I still have to get my head around sorting out all the numbers and videos and photographs so I can update my thread, but I can pretty much guarantee that my yield was below average whilst my hours were WELL below average. Most of the work was to put old roof tiles around the edge to mark the bed out and make it permanent and easy to clear around, a couple of hours work. The most expensive bit by far was to put in drip irrigation, which took around two hours including digging the trench to bury the pipe where it crossed the path. But apart from that there was very little work, and more to the point that work isn't going to be re-done for the foreseeable future. From my point of view, my other half did most of that work for me so it didn't impact my energy very much at all.

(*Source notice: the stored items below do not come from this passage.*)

(* Let $d\ge2$, let $\mathbf A,\mathbf B\in\overline{\mathbb Q}[t]$ be nonzero coprime polynomials, $\mathbf c=\mathbf A/\mathbf B$, let $\lambda\in\overline{\mathbb Q}^*$ and let $|\cdot|_v$ be an absolute value on $\overline{\mathbb Q}$. Then the limit $\lim_{n\to\infty}\frac{\log M_{n,v}(\lambda)}{d^n}$ exists, and for each $n_0\ge1$, $$\left|\lim_{n\to\infty}\frac{\log M_{n,v}(\lambda)}{d^n}-\frac{\log M_{n_0,v}(\lambda)}{d^{n_0}}\right|\le\frac{\log(2\max\{1,|\lambda|_v\})-\log(\min\{1,|\lambda|_v\})}{d^{n_0}(d-1)}.$$
   Context: The polynomials $\mathbf A_{\mathbf c,n},\mathbf B_{\mathbf c,n}$ are defined by: $\mathbf A_{\mathbf c,0}=\mathbf A$, $\mathbf B_{\mathbf c,0}=\mathbf B$; if $\mathbf A(0)\neq0$ then $\mathbf A_{\mathbf c,1}=\mathbf A^d+t\mathbf B^d$, $\mathbf B_{\mathbf c,1}=\mathbf A\mathbf B^{d-1}$, while if $\mathbf A(0)=0$ then $\mathbf A_{\mathbf c,1}=(\mathbf A^d+t\mathbf B^d)/t$, $\mathbf B_{\mathbf c,1}=\mathbf A\mathbf B^{d-1}/t$; for $n\ge1$, $\mathbf A_{\mathbf c,n+1}=\mathbf A_{\mathbf c,n}^d+t\mathbf B_{\mathbf c,n}^d$, $\mathbf B_{\mathbf c,n+1}=\mathbf A_{\mathbf c,n}\mathbf B_{\mathbf c,n}^{d-1}$. Then $M_{n,v}(\lambda)=\max\{|\mathbf A_{\mathbf c,n}(\lambda)|_v,|\mathbf B_{\mathbf c,n}(\lambda)|_v\}$. *)

From HB Require Import structures.
From mathcomp Require Import all_boot all_order all_algebra all_field.
From mathcomp Require Import all_classical all_reals all_analysis.
Set Implicit Arguments. Unset Strict Implicit. Unset Printing Implicit Defensive.
Import Order.TTheory GRing.Theory Num.Theory.
Local Open Scope ring_scope.

(* Qbar is modelled by algC (algebraic closure of Q). *)

Definition is_absval (R : realType) (v : algC -> R) : Prop :=
  [/\ forall x : algC, 0 <= v x,
      forall x : algC, v x = 0 <-> x = 0,
      forall x y : algC, v (x * y) = v x * v y &
      forall x y : algC, v (x + y) <= v x + v y].

Definition ABstep (d : nat) (p : {poly algC} * {poly algC}) :
    {poly algC} * {poly algC} :=
  (p.1 ^+ d + 'X * p.2 ^+ d, p.1 * p.2 ^+ (d.-1)).

Definition ABfirst (d : nat) (A B : {poly algC}) : {poly algC} * {poly algC} :=
  if A.[0] != 0 then ABstep d (A, B)
  else (((ABstep d (A, B)).1 %/ 'X), ((ABstep d (A, B)).2 %/ 'X)).

Fixpoint ABseq (d : nat) (A B : {poly algC}) (n : nat) :
    {poly algC} * {poly algC} :=
  match n with
  | 0 => (A, B)
  | m.+1 => if m is 0 then ABfirst d A B else ABstep d (ABseq d A B m)
  end.

Definition Mnv (R : realType) (v : algC -> R) (d : nat) (A B : {poly algC})
    (n : nat) (lambda : algC) : R :=
  Num.max (v (ABseq d A B n).1.[lambda]) (v (ABseq d A B n).2.[lambda]).

From HB Require Import structures.
From mathcomp Require Import all_boot all_order all_algebra all_field.
From mathcomp Require Import all_classical all_reals all_analysis.
From mathcomp Require Import ring lra.
Import Order.TTheory GRing.Theory Num.Theory numFieldNormedType.Exports.
Local Open Scope classical_set_scope.
Local Open Scope ring_scope.

(* Write M_n for M_{n,v}(lambda) and l = |lambda|_v.  For n >= 1 the values
   A_{c,n}(lambda), B_{c,n}(lambda) do not both vanish (coprimality and
   lambda <> 0), and the triangle inequality applied to one step of the
   recursion, with a case split on which of |A|, |B| is larger, gives
     min(1,l) / (2 max(1,l)) * M_n^d <= M_{n+1} <= 2 max(1,l) * M_n^d.
   Hence log M_n / d^n moves by at most K / d^(n+1), with
   K = log(2 max(1,l)) - log(min(1,l)); it is therefore Cauchy, and its
   distance to the limit is bounded by the geometric tail
   sum_(k > n) K / d^k = K / (d^n (d - 1)). *)

Section MaxStep.
Variables (R : realFieldType) (a b l P : R) (n : nat).
Hypotheses (a_ge0 : 0 <= a) (b_ge0 : 0 <= b).

Lemma max_step_le : 0 <= l -> P <= a ^+ n.+1 + l * b ^+ n.+1 ->
  Num.max P (a * b ^+ n) <= 2 * Num.max 1 l * Num.max a b ^+ n.+1.
Proof.
move=> l_ge0 P_le; set M := Num.max a b.
have aM : a <= M by rewrite le_max lexx.
have bM : b <= M by rewrite le_max lexx orbT.
have leXM k z : 0 <= z -> z <= M -> z ^+ k <= M ^+ k.
  by move=> z_ge0 zM; apply: lerXn2r; rewrite ?nnegrE // (le_trans z_ge0).
have aXM : a ^+ n.+1 <= M ^+ n.+1 by apply: leXM.
have bXM : b ^+ n.+1 <= M ^+ n.+1 by apply: leXM.
have abM : a * b ^+ n <= M ^+ n.+1 by rewrite exprS ler_pM ?exprn_ge0 ?leXM.
have MX_ge0 : 0 <= M ^+ n.+1 by rewrite exprn_ge0 // (le_trans a_ge0).
have m1 : 1 <= Num.max 1 l by rewrite le_max lexx.
have ml : l <= Num.max 1 l by rewrite le_max lexx orbT.
rewrite ge_max; apply/andP; split; nra.
Qed.

Lemma max_step_ge (c : R) :
  0 <= c -> 2 * c <= 1 -> 2 * c <= l -> 2 * l * c <= 1 ->
  a ^+ n.+1 - l * b ^+ n.+1 <= P -> l * b ^+ n.+1 - a ^+ n.+1 <= P ->
  c * Num.max a b ^+ n.+1 <= Num.max P (a * b ^+ n).
Proof.
move=> c_ge0 c1 cl lc P_geA P_geB.
have l_ge0 : 0 <= l by nra.
(* Unless a b^n is already large, the smaller of a, b is negligible and the
   larger power dominates P. *)
have [ab|ba] := leP a b.
- have [cb_le|abc] := leP (c * b ^+ n.+1) (a * b ^+ n).
    by rewrite le_max cb_le orbT.
  have aXab : a ^+ n.+1 <= a * b ^+ n.
    by rewrite exprS ler_wpM2l //; apply: lerXn2r; rewrite ?nnegrE.
  have BX0 : 0 <= b ^+ n.+1 by rewrite exprn_ge0.
  rewrite le_max; apply/orP; left; nra.
- have [ca_le|abc] := leP (c * a ^+ n.+1) (a * b ^+ n).
    by rewrite le_max ca_le orbT.
  have bXab : b ^+ n.+1 <= a * b ^+ n by rewrite exprS ler_wpM2r ?exprn_ge0 // ltW.
  have AX0 : 0 <= a ^+ n.+1 by rewrite exprn_ge0.
  rewrite le_max; apply/orP; left; nra.
Qed.
End MaxStep.

Lemma ln_dist_le (R : realType) (k K x y : R) :
  0 < k <= 1 -> 1 <= K -> 0 < y -> k / K * y <= x -> x <= K * y ->
  `|ln x - ln y| <= ln K - ln k.
Proof.
move=> /andP[k_gt0 k_le1] K_ge1 y_gt0 lo up.
have K_gt0 : 0 < K by apply: lt_le_trans K_ge1.
have x_gt0 : 0 < x by apply: lt_le_trans lo; rewrite !mulr_gt0 ?invr_gt0.
have lnk_le0 : ln k <= 0 by rewrite ln_le0.
have lnK_ge0 : 0 <= ln K by rewrite ln_ge0.
have hup : ln x <= ln (K * y) by rewrite ler_ln ?posrE ?mulr_gt0.
have hlo : ln (k / K * y) <= ln x by rewrite ler_ln ?posrE ?mulr_gt0 ?invr_gt0.
rewrite lnM ?posrE // in hup.
rewrite lnM ?ln_div ?posrE ?divr_gt0 // in hlo.
apply/ler_normlP; split; lra.
Qed.

Lemma cvg_telescope_bound (R : realType) (u e : R ^nat) :
  e @ \oo --> 0 -> (forall n, `|u n.+1 - u n| <= e n - e n.+1) ->
  exists L, u @ \oo --> L /\ forall n, `|L - u n| <= e n.
Proof.
move=> e_cvg0 du.
have z_nd : nondecreasing_seq (u - e).
  by apply/nondecreasing_seqP => n; have /ler_normlP[] := du n; rewrite !fctE; lra.
have w_ni : nonincreasing_seq (u + e).
  by apply/nonincreasing_seqP => n; have /ler_normlP[] := du n; rewrite !fctE; lra.
have wz_cvg0 : (u + e) - (u - e) @ \oo --> 0.
  have -> : (u + e) - (u - e) = e + e by rewrite opprB addrC addrA subrK.
  by rewrite -[0]addr0; apply: cvgD.
have [wz cz cw] := adjacent_seq z_nd w_ni wz_cvg0.
exists (limn (u - e)); split.
  rewrite -[X in X @ \oo --> _](subrK e u) -[X in _ --> X]addr0; exact: cvgD.
move=> n; have := nondecreasing_cvgn_le z_nd cz n.
have := nonincreasing_cvgn_ge w_ni cw n; rewrite wz !fctE.
by move=> hw hz; apply/ler_normlP; split; lra.
Qed.

Lemma geometric_tail_cvg0 (R : realType) (K D : R) : 1 < D ->
  (fun n => K / (D ^+ n * (D - 1))) @ \oo --> 0.
Proof.
move=> D_gt1; have D_gt0 : 0 < D by apply: lt_trans D_gt1.
have -> : (fun n => K / (D ^+ n * (D - 1))) = geometric (K / (D - 1)) D^-1.
  apply/funext => n; rewrite /geometric /= exprVn invfM mulrAC mulrA.
  by rewrite -mulrA [_^-1 * _]mulrC mulrA.
apply: cvg_geometric; rewrite ger0_norm ?invr_ge0 ?ltW //.
by rewrite invf_lt1.
Qed.

Lemma geometric_tail_diff (R : realFieldType) (K D : R) n : 1 < D ->
  K / (D ^+ n * (D - 1)) - K / (D ^+ n.+1 * (D - 1)) = K / D ^+ n.+1.
Proof.
move=> D_gt1; have D_gt0 : 0 < D by apply: lt_trans D_gt1.
rewrite exprS; field.
by rewrite expf_neq0 ?subr_eq0 ?gt_eqF.
Qed.

Section AbsoluteValue.
Variables (R : realType) (v : algC -> R).
Hypothesis v_absval : is_absval v.

Lemma absval1 : v 1 = 1.
Proof.
have [_ v_eq0 vM _] := v_absval.
have v1_neq0 : v 1 != 0 by apply/eqP => /v_eq0/eqP; rewrite oner_eq0.
by apply: (mulfI v1_neq0); rewrite -vM !mulr1.
Qed.

Lemma absvalX x n : v (x ^+ n) = v x ^+ n.
Proof.
have [_ _ vM _] := v_absval.
by elim: n => [|n IHn]; rewrite ?absval1 // !exprS vM IHn.
Qed.

Lemma absvalN x : v (- x) = v x.
Proof.
have [v_ge0 _ vM _] := v_absval.
have vN1 : v (-1) = 1.
  have : v (-1) ^+ 2 = 1 by rewrite -absvalX sqrrN expr1n absval1.
  by have := v_ge0 (-1); nra.
by rewrite -mulN1r vM vN1 mul1r.
Qed.

Lemma lerB_absvalD x y : v x - v y <= v (x + y).
Proof.
have [_ _ _ vD] := v_absval.
by have := vD (x + y) (- y); rewrite addrK absvalN; lra.
Qed.

Lemma absval_gt0 x : x != 0 -> 0 < v x.
Proof.
have [v_ge0 v_eq0 _ _] := v_absval.
by move=> x_neq0; rewrite lt_def v_ge0 andbT; apply: contra x_neq0 => /eqP/v_eq0->.
Qed.

Lemma ln_absval_step (d : nat) (lam x y : algC) :
  (0 < d)%N -> lam != 0 -> (x != 0) || (y != 0) ->
  `|ln (Num.max (v (x ^+ d + lam * y ^+ d)) (v (x * y ^+ d.-1)))
     - d%:R * ln (Num.max (v x) (v y))|
   <= ln (2 * Num.max 1 (v lam)) - ln (Num.min 1 (v lam)).
Proof.
case: d => // n _ lam_neq0 xy_neq0 /=.
have [v_ge0 _ vM vD] := v_absval.
set l := v lam; set M := Num.max (v x) (v y).
have l_gt0 : 0 < l by apply: absval_gt0.
have M_gt0 : 0 < M.
  by case/orP: xy_neq0 => /absval_gt0 vpos; rewrite lt_max vpos ?orbT.
have P_le := vD (x ^+ n.+1) (lam * y ^+ n.+1).
have P_geA := lerB_absvalD (x ^+ n.+1) (lam * y ^+ n.+1).
have P_geB := lerB_absvalD (lam * y ^+ n.+1) (x ^+ n.+1).
rewrite [lam * _ + _]addrC vM !absvalX -/l in P_geB.
rewrite vM !absvalX -/l in P_le P_geA.
rewrite vM absvalX mulr_natl -lnXn //.
set m := Num.min 1 l; set K := Num.max 1 l.
have m_gt0 : 0 < m by rewrite lt_min ltr01.
have m_le1 : m <= 1 by rewrite ge_min lexx.
have m_le_l : m <= l by rewrite ge_min lexx orbT.
have K_ge1 : 1 <= K by rewrite le_max lexx.
have K_ge_l : l <= K by rewrite le_max lexx orbT.
apply: ln_dist_le; rewrite ?m_gt0 ?m_le1 ?exprn_gt0 //.
- lra.
- set c := m / (2 * K).
  have c_ge0 : 0 <= c by rewrite divr_ge0 ?ltW //; lra.
  have cK : c * (2 * K) = m.
    by rewrite mulfVK // mulf_neq0 // gt_eqF //; lra.
  by apply: (@max_step_ge _ _ _ l _ _ (v_ge0 x) (v_ge0 y)); nra.
- by apply: max_step_le; rewrite ?v_ge0 // ltW.
Qed.

End AbsoluteValue.

Lemma coprimep_horner_neq0 (F : idomainType) (p q : {poly F}) x :
  coprimep p q -> (p.[x] != 0) || (q.[x] != 0).
Proof.
move=> pq; case: (eqVneq p.[x] 0) => //= px0.
by apply: coprimep_root pq _; apply/eqP.
Qed.

Lemma ABstep_horner_neq0 (F : idomainType) (d : nat) (lam x y : F) :
  (0 < d)%N -> lam != 0 -> (x != 0) || (y != 0) ->
  (x ^+ d + lam * y ^+ d != 0) || (x * y ^+ d.-1 != 0).
Proof.
move=> d_gt0 lam_neq0 xy_neq0; have [x0|x_neq0] := eqVneq x 0.
  rewrite x0 eqxx /= in xy_neq0 *.
  by rewrite expr0n gtn_eqF // add0r (mulf_neq0 lam_neq0 (expf_neq0 _ xy_neq0)).
have [->|y_neq0] := eqVneq y 0.
  by rewrite expr0n gtn_eqF // mulr0 addr0 expf_neq0.
by rewrite mulf_neq0 ?expf_neq0 ?orbT.
Qed.

Lemma horner_divpX (F : fieldType) (p : {poly F}) x :
  p.[0] = 0 -> x != 0 -> (p %/ 'X).[x] = p.[x] / x.
Proof.
move=> p0 x_neq0; have X_dvd : ('X - 0%:P) %| p by rewrite dvdp_XsubCl /root p0.
rewrite polyC0 subr0 in X_dvd.
by rewrite -{2}(divpK X_dvd) hornerM hornerX mulfK.
Qed.

Lemma ABseq_horner_neq0 (d : nat) (A B : {poly algC}) (lam : algC) n :
  (0 < d)%N -> coprimep A B -> lam != 0 -> (0 < n)%N ->
  ((ABseq d A B n).1.[lam] != 0) || ((ABseq d A B n).2.[lam] != 0).
Proof.
move=> d_gt0 AB_coprime lam_neq0; case: n => // n _; elim: n => [|n IHn] /=.
  have : (A.[lam] ^+ d + lam * B.[lam] ^+ d != 0) || (A.[lam] * B.[lam] ^+ d.-1 != 0).
    by apply: ABstep_horner_neq0 => //; apply: coprimep_horner_neq0.
  rewrite /ABfirst; case: ifPn => [_|/negPn/eqP A0] /=; rewrite ?hornerE //.
  rewrite !horner_divpX ?hornerE ?A0 ?expr0n ?gtn_eqF ?mul0r ?add0r //.
  by rewrite !mulf_eq0 invr_eq0 (negPf lam_neq0) !orbF.
by rewrite !hornerE; apply: ABstep_horner_neq0.
Qed.

Lemma ln_Mnv_step (R : realType) (v : algC -> R) d A B (lam : algC) n :
  is_absval v -> (0 < d)%N -> coprimep A B -> lam != 0 -> (0 < n)%N ->
  `|ln (Mnv v d A B n.+1 lam) - d%:R * ln (Mnv v d A B n lam)|
   <= ln (2 * Num.max 1 (v lam)) - ln (Num.min 1 (v lam)).
Proof.
move=> v_absval d_gt0 AB_coprime lam_neq0 n_gt0.
have := @ABseq_horner_neq0 d A B lam n d_gt0 AB_coprime lam_neq0 n_gt0.
case: n n_gt0 => // n _.
rewrite /Mnv -[ABseq d A B n.+2]/(ABstep d (ABseq d A B n.+1)).
set p := ABseq d A B n.+1 => p_neq0.
by rewrite /ABstep /= !hornerE; apply: ln_absval_step.
Qed.

Theorem corollary5p3 (R : realType) (d : nat) (A B : {poly algC})
    (lambda : algC) (v : algC -> R) :
  (2 <= d)%N -> A != 0 -> B != 0 -> coprimep A B -> lambda != 0 ->
  is_absval v ->
  exists L : R,
    (fun n : nat => ln (Mnv v d A B n lambda) / (d ^ n)%:R) @ \oo --> L /\
    forall n0 : nat, (1 <= n0)%N ->
      `| L - ln (Mnv v d A B n0 lambda) / (d ^ n0)%:R |
        <= (ln (2 * Num.max 1 (v lambda)) - ln (Num.min 1 (v lambda)))
           / ((d ^ n0)%:R * (d%:R - 1)).
Proof.
move=> d_ge2 _ _ AB_coprime lam_neq0 v_absval.
have d_gt0 : (0 < d)%N by apply: leq_trans d_ge2.
have D_gt1 : 1 < (d%:R : R) by rewrite ltr1n.
set K := _ - _.
pose u n := ln (Mnv v d A B n lambda) / (d ^ n)%:R.
pose e n := K / ((d%:R : R) ^+ n.+1 * (d%:R - 1)).
have e_cvg0 : e @ \oo --> 0.
  by have := @geometric_tail_cvg0 _ K _ D_gt1; rewrite -cvg_shiftS.
have du n : `|u n.+2 - u n.+1| <= e n - e n.+1.
  have D_gt0 : 0 < (d%:R : R) by apply: lt_trans D_gt1.
  rewrite /u /e geometric_tail_diff // !natrX.
  have -> : forall a b : R,
      a / d%:R ^+ n.+2 - b / d%:R ^+ n.+1 = (a - d%:R * b) / d%:R ^+ n.+2.
    by move=> a b; rewrite exprS; field; rewrite expf_neq0 ?gt_eqF.
  rewrite normrM [`|_^-1|]gtr0_norm ?ler_pM2r ?invr_gt0 ?exprn_gt0 //.
  exact: ln_Mnv_step.
(* The sequence is shifted because the first step (ABfirst) may divide by t. *)
have [L [u_cvg u_bound]] := @cvg_telescope_bound _ (fun n => u n.+1) e e_cvg0 du.
exists L; split; first by rewrite -cvg_shiftS.
case=> [|n] // _.
by have := u_bound n; rewrite /u /e natrX.
Qed.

To clear the bed, we basically just smothered in cut grass thickly enough that nothing could grow though it. Planting obviously had to be done, weeds were taken care of automatically by the mulch, watering happened by switching the tap on when necessary. Then all that was needed was to pick stuff as I walked by. I pulled corn stalks out to use to light the fire. Other crop residues and any weeds that had managed to put in an appearance by the end of the growing season were just smothered with more cut grass to prepare for the next planting. Scraps from the compost caddy in the kitchen would be put under the mulch when I needed to empty it - does that count as time? I'd have to empty it somewhere. Pee gets tipped on any empty areas, but I'd have to empty it somewhere. Same with ash from the rocket mass heater and egg shells - it takes no longer to put it on the GAMCOD bed than anywhere else. The cut grass gets cut anyway and we do spend a few minutes raking up a big builders bag full and fetching it over. But there's no digging, no weeding, no raking, just mulching, adding stuff that we need to get rid of anyway, planting, turning the water on once a day in hot weather, and then harvesting.

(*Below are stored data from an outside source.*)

Definition amul (l : nat) (g : {poly F}) (c : 'M[F]_(l, m)) : 'M[F]_(l, m) :=
  \matrix_(i < l, j < m) ((g * poly_of_row c i) %% f)`_j.

(* C is an A-submodule of A^l, elements of A being the polynomials of
   degree < m *)
Definition is_Acode (l : nat) (C : {set 'M[F]_(l, m)}) : Prop :=
  [/\ 0 \in C,
      (forall c d, c \in C -> d \in C -> c + d \in C) &
      (forall (g : {poly F}) c, (size g <= m)%N -> c \in C -> amul g c \in C)].

Definition dotw (l : nat) (c d : 'M[F]_(l, m)) : F :=
  \sum_(i < l) \sum_(j < m) c i j * d i j.

Definition Fdual (l : nat) (C : {set 'M[F]_(l, m)}) : {set 'M[F]_(l, m)} :=
  [set d | [forall c in C, dotw c d == 0]].

End ACodes.

From HB Require Import structures.
From mathcomp Require Import all_boot all_order all_algebra.
From mathcomp Require Import ring zify.
Set Implicit Arguments. Unset Strict Implicit. Unset Printing Implicit Defensive.
Import GRing.Theory.
Local Open Scope ring_scope.

(* Identify A with F^m through coefficients, so that multiplication by x is the
   companion matrix M of f.  If x has an adjoint in A for the dot product, i.e.
   some q with <u, x w> = <q u, w>, then so has every g in A, and the F-dual of
   any A-submodule is again stable under A.  Conversely, the F-dual of the graph
   {(u, x u)} in A^2 is {(-M^T w, w)}; its stability under x forces
   M M^T = M^T M, and the first column of this identity leaves only the three
   shapes of f, for each of which x has the explicit adjoint -f_0, x or
   +-x^(m-1). *)

Section Adjoints.
Variables (F : fieldType) (m : nat) (f : {poly F}).
Hypotheses (f_monic : f \is monic) (size_f : size f = m.+1) (m_gt0 : (0 < m)%N).
Implicit Types (g h p q u w : {poly F}).

Definition dotp u w := \sum_(k < m) u`_k * w`_k.

Lemma dotpC u w : dotp u w = dotp w u.
Proof. by apply: eq_bigr => k _; rewrite mulrC. Qed.

Lemma dotpDl u v w : dotp (u + v) w = dotp u w + dotp v w.
Proof. by rewrite /dotp -big_split; apply: eq_bigr => k _; rewrite coefD mulrDl. Qed.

I think the aim of the experiment was truly cheap and easy, but I think the prize (which I don't qualify for as I'm the wrong climate) is based on calories so I think there has been a tendency to focus on maximising the calories rather than minimising the work.

Here's a little video of my other half prepping soil by smothering it in cut grass, which had to be cut anyway. No digging - it just has to be applied in time to smother the weeds, and the soil softens up nicely underneath so planting is easier too.



I must get my head together to write up the rest of the thread, I've been putting it off for months. Soon, I promise!